───── ENTRIES SUPPLIED
Lemma negligible_not_derivable_itv (phi : R -> R) (r s : R) : r < s ->
  {in `[r, s], continuous phi} -> {in `[r, s] &, {homo phi : x y / x <= y}} ->
  mu.-negligible [set x | r < x < s /\ ~ derivable phi x 1].
Proof.
move=> rs cphi ndphi; pose g := phi \o clamp r s.
have cl t := clamp_in t (ltW rs).
have cg : continuous g.
  by move=> x; apply: continuous_comp; [exact: continuous_clamp | exact: cphi].
have ndg : {homo g : x y / x <= y} by move=> u v uv; apply: ndphi; rewrite ?clamp_homo.
have g_phi x : r < x < s -> \forall y \near x, g y = phi y.
  move=> xrs; have : nbhs x `]r, s[%classic.
    by apply: open_nbhs_nbhs; split; [exact: itv_open | rewrite /= in_itv].
  apply: filterS => y; rewrite /= in_itv => /andP[ry ys].
  by rewrite /g /= clamp_id // in_itv /= !ltW.
apply: (negligibleS _ (negligible_not_derivable_nondecreasing ndg cg)).
by move=> x [xrs nd] dg; apply: nd; exact: near_eq_derivable (g_phi x xrs) dg.
Qed.

Lemma negligible_not_derivable_itv_monotone (phi : R -> R) (r s : R) : r < s ->
  {in `[r, s], continuous phi} ->
  {in `[r, s] &, {homo phi : x y / x <= y}} \/
  {in `[r, s] &, {homo phi : x y / x <= y >-> y <= x}} ->
  mu.-negligible [set x | r < x < s /\ ~ derivable phi x 1].
Proof.
move=> rs cphi [inc|dec]; first exact: negligible_not_derivable_itv.
apply: (negligibleS _ (negligible_not_derivable_itv (phi := \- phi) rs _ _)).
- move=> x [xrs nd]; split => // /derivableN; apply: contra_not nd.
  by have -> : - (\- phi) = phi by apply/funext => t; rewrite /= opprK.
- by move=> x xI; apply: continuousN; exact: cphi.
- by move=> u v uI vI uv; rewrite lerN2; exact: dec.
Qed.

End local_monotone.

Lemma visc_subdiff0_min {R : realType} (a b : R) (phi : R -> R) (V : set R) (m : R) :
  open V -> V m -> V `<=` `]a, b[ -> (forall z, V z -> phi m <= phi z) ->
  visc_subdiff a b phi m 0.
Proof.
move=> oV Vm Vab mmin; split; first exact: Vab.
exists V, (fun=> phi m); split; split => //.
- split => z Vz; first exact: derivable_cst.
  have -> : derive1 (fun=> phi m) = (fun=> 0 : R).
    by apply/funext => t; exact: derive1_cst.
  exact: cst_continuous.
- exact: derive1_cst.
Qed.

Section off_critical_closure.
Context {R : realType}.
Local Notation mu := (@lebesgue_measure R).
Variables (a b : R) (phi : R -> R).
Hypothesis cphi : {in `]a, b[, continuous phi}.

Let U := `]a, b[ `&` ~` closure [set y | visc_subdiff a b phi y 0].

Let open_U : open U.
Proof. by apply: openI; [exact: itv_open | exact/closed_openC/closed_closure]. Qed.

Lemma no_interior_min (y z w : R) : y < z < w -> `[y, w] `<=` U ->
  phi y <= phi z \/ phi w <= phi z.
Proof.
move=> /andP[yz zw] ywU; have yw := ltW (lt_trans yz zw).
have cw : {within `[y, w], continuous phi}.
  apply: continuous_in_subspaceT => t /set_mem /ywU [+ _].
  by rewrite /= in_itv /= => tab; apply: cphi; rewrite in_itv.
have [m mI mmin] := EVT_min yw cw.
have mz : phi m <= phi z by apply: mmin; rewrite in_itv /= !ltW.
move: mI; rewrite in_itv /= => /andP[].
rewrite le_eqVlt => /predU1P[ym _|ym]; first by left; rewrite ym.
rewrite le_eqVlt => /predU1P[mw|mw]; first by right; rewrite -mw.
have [_ nZm] : U m by apply: ywU; rewrite /= in_itv /= !ltW.
exfalso; apply: nZm; apply: subset_closure.
apply: (@visc_subdiff0_min _ _ _ _ `]y, w[%classic); [exact: itv_open | by rewrite /= in_itv /= ym mw | |].
  move=> t; rewrite /= in_itv /= => /andP[yt tw].
  by have [] := ywU t; rewrite /= in_itv /= ?ltW.
by move=> t; rewrite /= in_itv /= => /andP[yt tw]; apply: mmin; rewrite in_itv /= !ltW.
Qed.

Definition monotone_on_rat (r s : rat) :=
  [/\ (ratr r : R) < ratr s, `[ratr r, ratr s]%classic `<=` U &
      {in `[ratr r, ratr s] &, {homo phi : u v / u <= v}} \/
      {in `[ratr r, ratr s] &, {homo phi : u v / u <= v >-> v <= u}}].

Definition monotone_near (x : R) :=
  exists r s : rat, ratr r < x < ratr s /\ monotone_on_rat r s.

Lemma not_monotone_near_pairs (x d : R) : 0 < d ->
  (forall t, x - d < t < x + d -> U t) -> ~ monotone_near x ->
  (exists u v, [/\ x - d < u, u < v, v < x + d & phi v < phi u]) /\
  (exists u v, [/\ x - d < u, u < v, v < x + d & phi u < phi v]).
Proof.
move=> d0 dU nmon.
have [r] := @rat_in_itvoo R (x - d) x ltac:(lra); rewrite in_itv /= => /andP[dr rx].
have [s] := @rat_in_itvoo R x (x + d) ltac:(lra); rewrite in_itv /= => /andP[xs sd].
have rsU : `[ratr r, ratr s]%classic `<=` U.
  by move=> t; rewrite /= in_itv /= => /andP[rt ts]; apply: dU; apply/andP; split; lra.
have in_rs t : t \in `[ratr r, ratr s] -> x - d < t < x + d.
  by rewrite in_itv /= => /andP[rt ts]; apply/andP; split; lra.
have rxs : ratr r < x < ratr s by rewrite rx xs.
have rs : ratr r < ratr s :> R by exact: lt_trans xs.
split; apply: contrapT => N; apply: nmon; exists r, s; split => //; split => //; [left | right].
- move=> u v /in_rs /andP[du _] /in_rs /andP[_ vd] uv; rewrite leNgt; apply/negP => vu.
  apply: N; exists u, v; split => //; rewrite lt_neqAle uv andbT.
  by apply: contraTneq vu => ->; rewrite ltxx.
- move=> u v /in_rs /andP[du _] /in_rs /andP[_ vd] uv; rewrite leNgt; apply/negP => uv'.
  apply: N; exists u, v; split => //; rewrite lt_neqAle uv andbT.
  by apply: contraTneq uv' => ->; rewrite ltxx.
Qed.

(* phi decreases somewhere near x1 and increases somewhere near x2, which would give
   phi an interior minimum on a segment of U. *)
Lemma not_monotone_near_separated (x1 x2 : R) : x1 < x2 -> `[x1, x2] `<=` U ->
  ~ monotone_near x1 -> ~ monotone_near x2 -> False.
Proof.
move=> x12 sU nM1 nM2.
have /nbhs_ballP[d1 /= d10 B1] : nbhs x1 U.
  by apply: open_nbhs_nbhs; split => //; apply: sU; rewrite /= in_itv /= lexx ltW.
have /nbhs_ballP[d2 /= d20 B2] : nbhs x2 U.
  by apply: open_nbhs_nbhs; split => //; apply: sU; rewrite /= in_itv /= lexx ltW.
set d := Num.min (Num.min d1 d2) ((x2 - x1) / 2).
have d0 : 0 < d by rewrite !lt_min d10 d20 divr_gt0 // subr_gt0.
have [dd1 dd2 dx] : [/\ d <= d1, d <= d2 & d <= (x2 - x1) / 2].
  by rewrite !ge_min !lexx !orbT.
have B1' t : x1 - d < t < x1 + d -> U t.
  by move=> /andP[? ?]; apply: B1; rewrite /ball /= ltr_distlC; apply/andP; split; lra.
have B2' t : x2 - d < t < x2 + d -> U t.
  by move=> /andP[? ?]; apply: B2; rewrite /ball /= ltr_distlC; apply/andP; split; lra.
have [[u [v [du uv vd vu]]] _] := not_monotone_near_pairs d0 B1' nM1.
have [_ [u' [v' [du' uv' vd' uv'_lt]]]] := not_monotone_near_pairs d0 B2' nM2.
have sUw : `[u, v']%classic `<=` U.
  move=> t; rewrite /= in_itv /= => /andP[ut tv].
  have [tx1|tx1] := leP t x1; first by apply: B1'; apply/andP; split; lra.
  have [tx2|tx2] := leP t x2; first by apply: sU; rewrite /= in_itv /= ltW.
  by apply: B2'; apply/andP; split; lra.
have vu' : v < u' by lra.
have uvv' : u < v < v' by rewrite uv (lt_trans vu').
have [|v'v] := no_interior_min uvv' sUw; first by rewrite leNgt vu.
have sUw' : `[v, v']%classic `<=` U.
  by move=> t; rewrite /= in_itv /= => /andP[? ?]; apply: sUw; rewrite /= in_itv /=; apply/andP; split; lra.
have vu'v' : v < u' < v' by rewrite vu' uv'.
have [vu'_le|] := no_interior_min vu'v' sUw'.
  by move: (lt_le_trans uv'_lt v'v); rewrite ltNge vu'_le.
by rewrite leNgt uv'_lt.
Qed.

Lemma countable_not_monotone_near :
  countable [set x | U x /\ ~ monotone_near x].
Proof.
apply/countable_injP; set I := open_disjoint_itv open_U.
have /choice[idx idxP] : forall x, exists k, U x -> I k x.
  move=> x; have [Ux|] := pselect (U x); last by exists 0%N.
  by move: Ux; rewrite {1}(open_disjoint_itv_bigcup open_U) => -[k _ Ik]; exists k.
exists idx => x1 x2; rewrite !inE => -[U1 nM1] [U2 nM2] idx12.
have I1 := idxP x1 U1; have I2 := idxP x2 U2; rewrite idx12 in I1.
have IU y z : I (idx x2) y -> I (idx x2) z -> `[y, z]%classic `<=` U.
  move=> Iy Iz t; rewrite /= in_itv /= => yzt; apply: (open_disjoint_itv_sub (oO := open_U)).
  exact: (open_disjoint_itv_is_interval Iy Iz yzt).
case: (ltgtP x1 x2) => // x12; exfalso.
- exact: (not_monotone_near_separated x12 (IU _ _ I1 I2) nM1 nM2).
- exact: (not_monotone_near_separated x12 (IU _ _ I2 I1) nM2 nM1).
Qed.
──────────
**WORK REQUEST:** The lines to extract from the data above begin with the line containing "rewrite le_eqVlt => /predU1P[mw|mw];" and end with the line containing "have rs : ratr". Extract them exactly, including both.

**RESULT OF THE EXERCISE:**
rewrite le_eqVlt => /predU1P[mw|mw]; first by right; rewrite -mw.
have [_ nZm] : U m by apply: ywU; rewrite /= in_itv /= !ltW.
exfalso; apply: nZm; apply: subset_closure.
apply: (@visc_subdiff0_min _ _ _ _ `]y, w[%classic); [exact: itv_open | by rewrite /= in_itv /= ym mw | |].
  move=> t; rewrite /= in_itv /= => /andP[yt tw].
  by have [] := ywU t; rewrite /= in_itv /= ?ltW.
by move=> t; rewrite /= in_itv /= => /andP[yt tw]; apply: mmin; rewrite in_itv /= !ltW.
Qed.

Definition monotone_on_rat (r s : rat) :=
  [/\ (ratr r : R) < ratr s, `[ratr r, ratr s]%classic `<=` U &
      {in `[ratr r, ratr s] &, {homo phi : u v / u <= v}} \/
      {in `[ratr r, ratr s] &, {homo phi : u v / u <= v >-> v <= u}}].

Definition monotone_near (x : R) :=
  exists r s : rat, ratr r < x < ratr s /\ monotone_on_rat r s.

Lemma not_monotone_near_pairs (x d : R) : 0 < d ->
  (forall t, x - d < t < x + d -> U t) -> ~ monotone_near x ->
  (exists u v, [/\ x - d < u, u < v, v < x + d & phi v < phi u]) /\
  (exists u v, [/\ x - d < u, u < v, v < x + d & phi u < phi v]).
Proof.
move=> d0 dU nmon.
have [r] := @rat_in_itvoo R (x - d) x ltac:(lra); rewrite in_itv /= => /andP[dr rx].
have [s] := @rat_in_itvoo R x (x + d) ltac:(lra); rewrite in_itv /= => /andP[xs sd].
have rsU : `[ratr r, ratr s]%classic `<=` U.
  by move=> t; rewrite /= in_itv /= => /andP[rt ts]; apply: dU; apply/andP; split; lra.
have in_rs t : t \in `[ratr r, ratr s] -> x - d < t < x + d.
  by rewrite in_itv /= => /andP[rt ts]; apply/andP; split; lra.
have rxs : ratr r < x < ratr s by rewrite rx xs.
have rs : ratr r < ratr s :> R by exact: lt_trans xs.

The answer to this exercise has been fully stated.